> _Your assignment_
Nothing in the records may change when you print them out again.

[Collected data entries]
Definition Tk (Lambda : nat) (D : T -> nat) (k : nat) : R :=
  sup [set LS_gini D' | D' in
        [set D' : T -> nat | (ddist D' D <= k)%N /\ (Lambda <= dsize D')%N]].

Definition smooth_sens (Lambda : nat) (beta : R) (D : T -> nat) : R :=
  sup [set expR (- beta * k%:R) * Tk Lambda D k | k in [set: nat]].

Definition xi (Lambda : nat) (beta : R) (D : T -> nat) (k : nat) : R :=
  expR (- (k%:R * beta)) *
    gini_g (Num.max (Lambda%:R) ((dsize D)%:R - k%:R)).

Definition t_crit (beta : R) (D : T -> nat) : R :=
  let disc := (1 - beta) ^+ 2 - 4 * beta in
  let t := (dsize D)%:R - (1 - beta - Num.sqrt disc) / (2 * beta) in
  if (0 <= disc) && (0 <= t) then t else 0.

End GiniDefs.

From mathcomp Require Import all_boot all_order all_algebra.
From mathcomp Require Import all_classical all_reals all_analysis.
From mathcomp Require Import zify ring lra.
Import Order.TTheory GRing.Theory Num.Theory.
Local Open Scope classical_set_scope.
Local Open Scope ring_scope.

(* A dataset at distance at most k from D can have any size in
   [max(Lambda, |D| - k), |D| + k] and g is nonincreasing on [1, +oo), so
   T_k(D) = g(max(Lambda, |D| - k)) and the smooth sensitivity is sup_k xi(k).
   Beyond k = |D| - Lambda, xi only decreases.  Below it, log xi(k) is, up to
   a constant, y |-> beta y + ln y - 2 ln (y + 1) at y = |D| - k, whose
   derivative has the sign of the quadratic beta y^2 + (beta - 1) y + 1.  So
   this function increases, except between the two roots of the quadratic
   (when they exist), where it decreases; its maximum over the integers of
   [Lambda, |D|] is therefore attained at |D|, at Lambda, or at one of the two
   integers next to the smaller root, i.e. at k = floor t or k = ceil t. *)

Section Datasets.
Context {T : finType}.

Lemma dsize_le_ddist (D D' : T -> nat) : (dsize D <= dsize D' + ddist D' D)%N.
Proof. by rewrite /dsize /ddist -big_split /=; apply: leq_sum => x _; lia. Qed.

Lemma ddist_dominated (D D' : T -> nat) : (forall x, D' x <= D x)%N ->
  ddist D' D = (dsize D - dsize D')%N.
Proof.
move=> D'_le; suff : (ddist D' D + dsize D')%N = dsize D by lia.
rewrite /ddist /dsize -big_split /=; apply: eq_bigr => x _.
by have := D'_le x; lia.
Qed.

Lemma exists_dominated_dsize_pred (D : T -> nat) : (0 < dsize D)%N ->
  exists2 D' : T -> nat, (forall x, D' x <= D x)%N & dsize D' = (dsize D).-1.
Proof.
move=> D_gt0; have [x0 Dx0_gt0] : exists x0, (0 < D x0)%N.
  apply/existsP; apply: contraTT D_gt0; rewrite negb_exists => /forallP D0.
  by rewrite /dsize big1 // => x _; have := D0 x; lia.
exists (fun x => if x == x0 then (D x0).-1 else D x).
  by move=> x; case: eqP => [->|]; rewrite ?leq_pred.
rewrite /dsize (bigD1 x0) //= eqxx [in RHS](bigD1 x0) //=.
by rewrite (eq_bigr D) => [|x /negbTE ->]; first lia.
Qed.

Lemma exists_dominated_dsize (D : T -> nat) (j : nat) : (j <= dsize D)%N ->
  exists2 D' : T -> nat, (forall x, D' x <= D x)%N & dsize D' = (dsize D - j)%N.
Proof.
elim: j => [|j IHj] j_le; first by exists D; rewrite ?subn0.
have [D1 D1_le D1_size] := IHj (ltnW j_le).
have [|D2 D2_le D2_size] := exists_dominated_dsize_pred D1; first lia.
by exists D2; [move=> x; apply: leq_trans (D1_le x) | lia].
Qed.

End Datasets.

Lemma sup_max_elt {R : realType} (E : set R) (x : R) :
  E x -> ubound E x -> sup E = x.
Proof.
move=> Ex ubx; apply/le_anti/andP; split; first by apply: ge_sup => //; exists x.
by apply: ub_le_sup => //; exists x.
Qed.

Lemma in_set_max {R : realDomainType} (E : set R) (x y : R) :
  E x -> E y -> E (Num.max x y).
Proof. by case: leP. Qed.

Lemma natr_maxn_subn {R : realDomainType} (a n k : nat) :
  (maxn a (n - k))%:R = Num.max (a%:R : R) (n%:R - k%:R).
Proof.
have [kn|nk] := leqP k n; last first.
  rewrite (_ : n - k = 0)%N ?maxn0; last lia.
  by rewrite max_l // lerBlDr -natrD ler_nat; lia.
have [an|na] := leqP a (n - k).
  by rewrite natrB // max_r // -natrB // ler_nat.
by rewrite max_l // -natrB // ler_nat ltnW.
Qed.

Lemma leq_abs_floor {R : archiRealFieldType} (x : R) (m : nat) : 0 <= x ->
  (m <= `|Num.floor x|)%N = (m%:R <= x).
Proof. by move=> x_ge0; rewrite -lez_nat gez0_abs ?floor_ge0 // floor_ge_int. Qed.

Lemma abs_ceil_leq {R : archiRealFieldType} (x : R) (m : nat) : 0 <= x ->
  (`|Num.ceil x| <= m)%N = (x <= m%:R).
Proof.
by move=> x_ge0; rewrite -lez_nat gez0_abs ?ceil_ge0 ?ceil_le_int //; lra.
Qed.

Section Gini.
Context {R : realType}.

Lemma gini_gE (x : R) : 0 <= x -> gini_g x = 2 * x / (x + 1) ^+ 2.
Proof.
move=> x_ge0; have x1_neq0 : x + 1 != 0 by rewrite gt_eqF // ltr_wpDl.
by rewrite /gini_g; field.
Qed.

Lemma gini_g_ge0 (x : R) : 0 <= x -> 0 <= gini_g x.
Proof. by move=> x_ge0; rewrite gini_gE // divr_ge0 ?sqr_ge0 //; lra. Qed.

> _Answer space_
Definition Tk (Lambda : nat) (D : T -> nat) (k : nat) : R :=
  sup [set LS_gini D' | D' in
        [set D' : T -> nat | (ddist D' D <= k)%N /\ (Lambda <= dsize D')%N]].

Definition smooth_sens (Lambda : nat) (beta : R) (D : T -> nat) : R :=
  sup [set expR (- beta * k%:R) * Tk Lambda D k | k in [set: nat]].

Definition xi (Lambda : nat) (beta : R) (D : T -> nat) (k : nat) : R :=
  expR (- (k%:R * beta)) *
    gini_g (Num.max (Lambda%:R) ((dsize D)%:R - k%:R)).

Definition t_crit (beta : R) (D : T -> nat) : R :=
  let disc := (1 - beta) ^+ 2 - 4 * beta in
  let t := (dsize D)%:R - (1 - beta - Num.sqrt disc) / (2 * beta) in
  if (0 <= disc) && (0 <= t) then t else 0.

End GiniDefs.

From mathcomp Require Import all_boot all_order all_algebra.
From mathcomp Require Import all_classical all_reals all_analysis.
From mathcomp Require Import zify ring lra.
Import Order.TTheory GRing.Theory Num.Theory.
Local Open Scope classical_set_scope.
Local Open Scope ring_scope.

(* A dataset at distance at most k from D can have any size in
   [max(Lambda, |D| - k), |D| + k] and g is nonincreasing on [1, +oo), so
   T_k(D) = g(max(Lambda, |D| - k)) and the smooth sensitivity is sup_k xi(k).
   Beyond k = |D| - Lambda, xi only decreases.  Below it, log xi(k) is, up to
   a constant, y |-> beta y + ln y - 2 ln (y + 1) at y = |D| - k, whose
   derivative has the sign of the quadratic beta y^2 + (beta - 1) y + 1.  So
   this function increases, except between the two roots of the quadratic
   (when they exist), where it decreases; its maximum over the integers of
   [Lambda, |D|] is therefore attained at |D|, at Lambda, or at one of the two
   integers next to the smaller root, i.e. at k = floor t or k = ceil t. *)

Section Datasets.
Context {T : finType}.

Lemma dsize_le_ddist (D D' : T -> nat) : (dsize D <= dsize D' + ddist D' D)%N.
Proof. by rewrite /dsize /ddist -big_split /=; apply: leq_sum => x _; lia. Qed.

Lemma ddist_dominated (D D' : T -> nat) : (forall x, D' x <= D x)%N ->
  ddist D' D = (dsize D - dsize D')%N.
Proof.
move=> D'_le; suff : (ddist D' D + dsize D')%N = dsize D by lia.
rewrite /ddist /dsize -big_split /=; apply: eq_bigr => x _.
by have := D'_le x; lia.
Qed.

Lemma exists_dominated_dsize_pred (D : T -> nat) : (0 < dsize D)%N ->
  exists2 D' : T -> nat, (forall x, D' x <= D x)%N & dsize D' = (dsize D).-1.
Proof.
move=> D_gt0; have [x0 Dx0_gt0] : exists x0, (0 < D x0)%N.
  apply/existsP; apply: contraTT D_gt0; rewrite negb_exists => /forallP D0.
  by rewrite /dsize big1 // => x _; have := D0 x; lia.
exists (fun x => if x == x0 then (D x0).-1 else D x).
  by move=> x; case: eqP => [->|]; rewrite ?leq_pred.
rewrite /dsize (bigD1 x0) //= eqxx [in RHS](bigD1 x0) //=.
by rewrite (eq_bigr D) => [|x /negbTE ->]; first lia.
Qed.

Lemma exists_dominated_dsize (D : T -> nat) (j : nat) : (j <= dsize D)%N ->
  exists2 D' : T -> nat, (forall x, D' x <= D x)%N & dsize D' = (dsize D - j)%N.
Proof.
elim: j => [|j IHj] j_le; first by exists D; rewrite ?subn0.
have [D1 D1_le D1_size] := IHj (ltnW j_le).
have [|D2 D2_le D2_size] := exists_dominated_dsize_pred D1; first lia.
by exists D2; [move=> x; apply: leq_trans (D1_le x) | lia].
Qed.

End Datasets.

Lemma sup_max_elt {R : realType} (E : set R) (x : R) :
  E x -> ubound E x -> sup E = x.
Proof.
move=> Ex ubx; apply/le_anti/andP; split; first by apply: ge_sup => //; exists x.
by apply: ub_le_sup => //; exists x.
Qed.

Lemma in_set_max {R : realDomainType} (E : set R) (x y : R) :
  E x -> E y -> E (Num.max x y).
Proof. by case: leP. Qed.

Lemma natr_maxn_subn {R : realDomainType} (a n k : nat) :
  (maxn a (n - k))%:R = Num.max (a%:R : R) (n%:R - k%:R).
Proof.
have [kn|nk] := leqP k n; last first.
  rewrite (_ : n - k = 0)%N ?maxn0; last lia.
  by rewrite max_l // lerBlDr -natrD ler_nat; lia.
have [an|na] := leqP a (n - k).
  by rewrite natrB // max_r // -natrB // ler_nat.
by rewrite max_l // -natrB // ler_nat ltnW.
Qed.

Lemma leq_abs_floor {R : archiRealFieldType} (x : R) (m : nat) : 0 <= x ->
  (m <= `|Num.floor x|)%N = (m%:R <= x).
Proof. by move=> x_ge0; rewrite -lez_nat gez0_abs ?floor_ge0 // floor_ge_int. Qed.

Lemma abs_ceil_leq {R : archiRealFieldType} (x : R) (m : nat) : 0 <= x ->
  (`|Num.ceil x| <= m)%N = (x <= m%:R).
Proof.
by move=> x_ge0; rewrite -lez_nat gez0_abs ?ceil_ge0 ?ceil_le_int //; lra.
Qed.

Section Gini.
Context {R : realType}.

Lemma gini_gE (x : R) : 0 <= x -> gini_g x = 2 * x / (x + 1) ^+ 2.
Proof.
move=> x_ge0; have x1_neq0 : x + 1 != 0 by rewrite gt_eqF // ltr_wpDl.
by rewrite /gini_g; field.
Qed.

Lemma gini_g_ge0 (x : R) : 0 <= x -> 0 <= gini_g x.
Proof. by move=> x_ge0; rewrite gini_gE // divr_ge0 ?sqr_ge0 //; lra. Qed.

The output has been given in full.